Due ore dopo, Mel le bacia le ferite (quelle vecchie e quelle nuove) con devozione religiosa. Per farlo deve partire dalle caviglie e poi risalire.

- Sì, quando avremo conquistato Hyperborea e potremo viverci dentro.

Per un momento, un momento soltanto e molto breve, non si sente gravemente sola. Nella sua testa non c'è la morte di Tish, non ci sono Marc né Victor Miller, non ci sono Routh, Benedict e tutti gli amici sulle cui spalle non può piangere quando finisce ridotta in quelle condizioni e le fa male anche respirare, non c'è Heldrich Frost quando le chiede di fidarsi di lui né la collera erosiva di Jude, Amy che ha annullato il matrimonio e ha provato a ricontattarla dopo che la notizia dei funerali è diventata pubblica, non c'è Jules che macera da solo nel suo lutto dopo quasi quindici anni che si conoscono... Non c'è nemmeno Inara, semplicemente non c'è.

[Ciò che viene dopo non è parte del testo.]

Lemma count_omega A (P : pred (seq nat)) : count P (omega A).2 =
  sumn [seq count P (sub_face A j (nth [::] A.2 j)) | j <- iota 0 (size A.2)].
Proof. by rewrite /omega /= count_flatten -map_comp. Qed.

Section OmegaWellFormed.

Variable A : cplx.
Hypothesis hA : wf_cplx A.

Local Notation E := (size (cedges A)).

Lemma nth_face_iota j : j \in iota 0 (size A.2) ->
  nth [::] A.2 j \in A.2 /\ pentagon A.1 (nth [::] A.2 j).
Proof. by rewrite mem_iota => /andP[_ /(wf_nth_face hA)]. Qed.

Lemma omega_pentagon G : G \in (omega A).2 -> pentagon (omega A).1 G.
Proof.
case/omega_facesP => j hj [T hT ->]; have [hm hok] := wf_nth_face hA hj.
have [hs hu _] := pentagonP (sub_tmpl_pentagon hT).
rewrite /pentagon size_map hs eqxx map_inj_in_uniq ?hu /=; last first.
  by move=> x y hx hy; apply: (sub_label_inj hok hm); apply: sub_tmpl_lt hT _.
apply/allP => _ /mapP [t /(sub_tmpl_lt hT) ht ->]; rewrite /omega /=.
by case: (sub_label_cases j hok hm ht) => [[]|[]|[]]; cedges_lia.
Qed.

(* Faces coming from different faces of [A] differ in their centre labels. *)
Lemma omega_faces_uniq : uniq (omega A).2.
Proof.
rewrite /omega /=; apply: uniq_flatten_map; first exact: iota_uniq.
  by move=> j /nth_face_iota [hm hok]; apply: sub_face_uniq.
move=> i j G /nth_face_iota [hmi hoki] /nth_face_iota [hmj hokj].
rewrite !sub_faceE => /mapP [T hT ->] /mapP [T' hT' e].
have [t ht ht10] := sub_tmpl_has_ctr hT.
have : sub_label A i (nth [::] A.2 i) t \in map (sub_label A j (nth [::] A.2 j)) T'.
  by rewrite -e map_f.
case/mapP => t' /(sub_tmpl_lt hT') ht' et; have ht15 := sub_tmpl_lt hT ht.
by case: (sub_label_cases j hokj hmj ht') => [[]|[]|[]]; rewrite -et sub_label_ctr //;
  cedges_lia.
Qed.

Lemma omega_vertex_deg y : count (fun G => y \in G) (omega A).2 <= 4.
Proof.
rewrite count_omega; case: (ltnP y A.1) => h1.
  apply: leq_trans (leq_sumn_map (h := fun j => y \in nth [::] A.2 j : nat) _) _.
    move=> j /nth_face_iota [hm hok].
    by have := count_sub_face_vertex j hok hm y; rewrite h1.
  rewrite (sumn_map_nth A.2 (fun F => y \in F : nat)) sumn_count; exact: wf_vertex_deg.
case: (ltnP y (A.1 + E)) => h2.
  pose e := nth (0, 0) (cedges A) (y - A.1).
  apply: leq_trans (leq_sumn_map
    (h := fun j => 2 * (e \in face_edges (nth [::] A.2 j))) _) _.
    move=> j /nth_face_iota [hm hok].
    by have := count_sub_face_vertex j hok hm y; rewrite ltnNge h1 /= h2.
  rewrite (sumn_map_nth A.2 (fun F => 2 * (e \in face_edges F))) sumn_scale_count.
  exact: (leq_mul (leqnn 2) (wf_edge_deg hA _)).
apply: leq_trans (leq_sumn_map
  (h := fun j => 3 * (j == (y - A.1 - E) %/ 5)) _) (leq_trans (sumn_scale_eq _ _ _) _).
  move=> j /nth_face_iota [hm hok].
  by have := count_sub_face_vertex j hok hm y; rewrite ltnNge h1 /= ltnNge h2.
by [].
Qed.

Lemma omega_edge_deg e : count (fun G => e \in face_edges G) (omega A).2 <= 2.
Proof.
rewrite count_omega; case: (leqP (A.1 + E) e.2) => h1.
  apply: leq_trans (leq_sumn_map
    (h := fun j => 2 * (j == (e.2 - A.1 - E) %/ 5)) _) (sumn_scale_eq _ _ _).
  move=> j /nth_face_iota [hm hok].
  by have := count_sub_face_edge j hok hm e; rewrite h1.
pose e' := nth (0, 0) (cedges A) (e.2 - A.1).
apply: leq_trans (leq_sumn_map
  (h := fun j => e' \in face_edges (nth [::] A.2 j) : nat) _) _.
  move=> j /nth_face_iota [hm hok].
  by have := count_sub_face_edge j hok hm e; rewrite ifF //; cedges_lia.
rewrite (sumn_map_nth A.2 (fun F => e' \in face_edges F : nat)) sumn_count.
exact: wf_edge_deg.
Qed.

Lemma wf_omega : wf_cplx (omega A).
Proof.
split; [exact: omega_pentagon | exact: omega_faces_uniq |
        exact: omega_vertex_deg | exact: omega_edge_deg].
Qed.

End OmegaWellFormed.

Definition face_hom (A B : cplx) (f : nat -> nat) :=
  forall F, F \in A.2 -> map f F \in B.2.

Definition cplx_emb (A B : cplx) (f : nat -> nat) :=
  [/\ face_hom A B f, (forall x y, x < A.1 -> y < A.1 -> f x = f y -> x = y)
    & forall x, x < A.1 -> f x < B.1].

Lemma adj_face_hom A B f a b : face_hom A B f -> adj A a b -> adj B (f a) (f b).
Proof.
move=> hf /cedgesP [F hF he]; apply: (mem_cedges (hf F hF)).
by rewrite face_edges_map; apply/mapP; exists (uedge a b); rewrite ?uedge_map.
Qed.

Lemma omega_map_old A B f x : x < A.1 -> omega_map A B f x = f x.
Proof. by rewrite /omega_map => ->. Qed.

Lemma omega_map_mid A B f a b : uedge a b \in cedges A ->
  omega_map A B f (mid A a b) = mid B (f a) (f b).
Proof.
move=> h; have /andP[h1 h2] := mid_range h.
rewrite /omega_map ifF; last by cedges_lia.
by rewrite ifT; [rewrite {1}/mid addKn nth_index // /mid uedge_map | cedges_lia].
Qed.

Però c'è Mel, che è un uomo ostinato e semplice, è un mutante come lei, registrato suo malgrado come lei, ha visto tutto ma la notte dorme comunque sereno perché sa di aver fatto del proprio meglio, e questo gli basta. Quando le raggiunge le clavicole, esita ad andare più su: vede per la prima volta i lividi sul collo, il segno chiaro di cinque dita ruvide piantate su una gola di cigno.

- Io a chiederti non ti chiedo niente, solo questo: stai bene?
- No.
- Hai bisogno di aiuto.
- No.
- Pensi che starai bene?

Batte le palpebre un paio di volte, poggia le pupille su di lui. Soffia dalle labbra un sorriso morbido.

- No, sinceramente no.

Mel la guarda restare ferma sopra le lenzuola sfatte. Tira su col naso e scrolla la testa, poi le spalle.

- That's fine. Just checkin'. 

Non dice nient'altro, però l'ultimo bacio glielo lascia proprio tra spalla e viso.




mercoledì 12 aprile 2017

Rough Cut


"E' la storia più ridicola che hai mai sentito, di sicuro."

E' in attesa che qualcuno arrivi ad allinearle il braccio secondo l'ordine giusto che dovrebbero avere tutti quei pezzettini d'ossa, contro l'ordine reale che tutti quei pezzettini d'ossa hanno (devono chiamarsi frammenti). Ha la faccia e la voce di Zelda Cassidy, ma parla con l'intonazione di Mare Sherman.

"Stavo passeggiando per il parco e dei ragazzini mi hanno tirato una pallonata per sbaglio."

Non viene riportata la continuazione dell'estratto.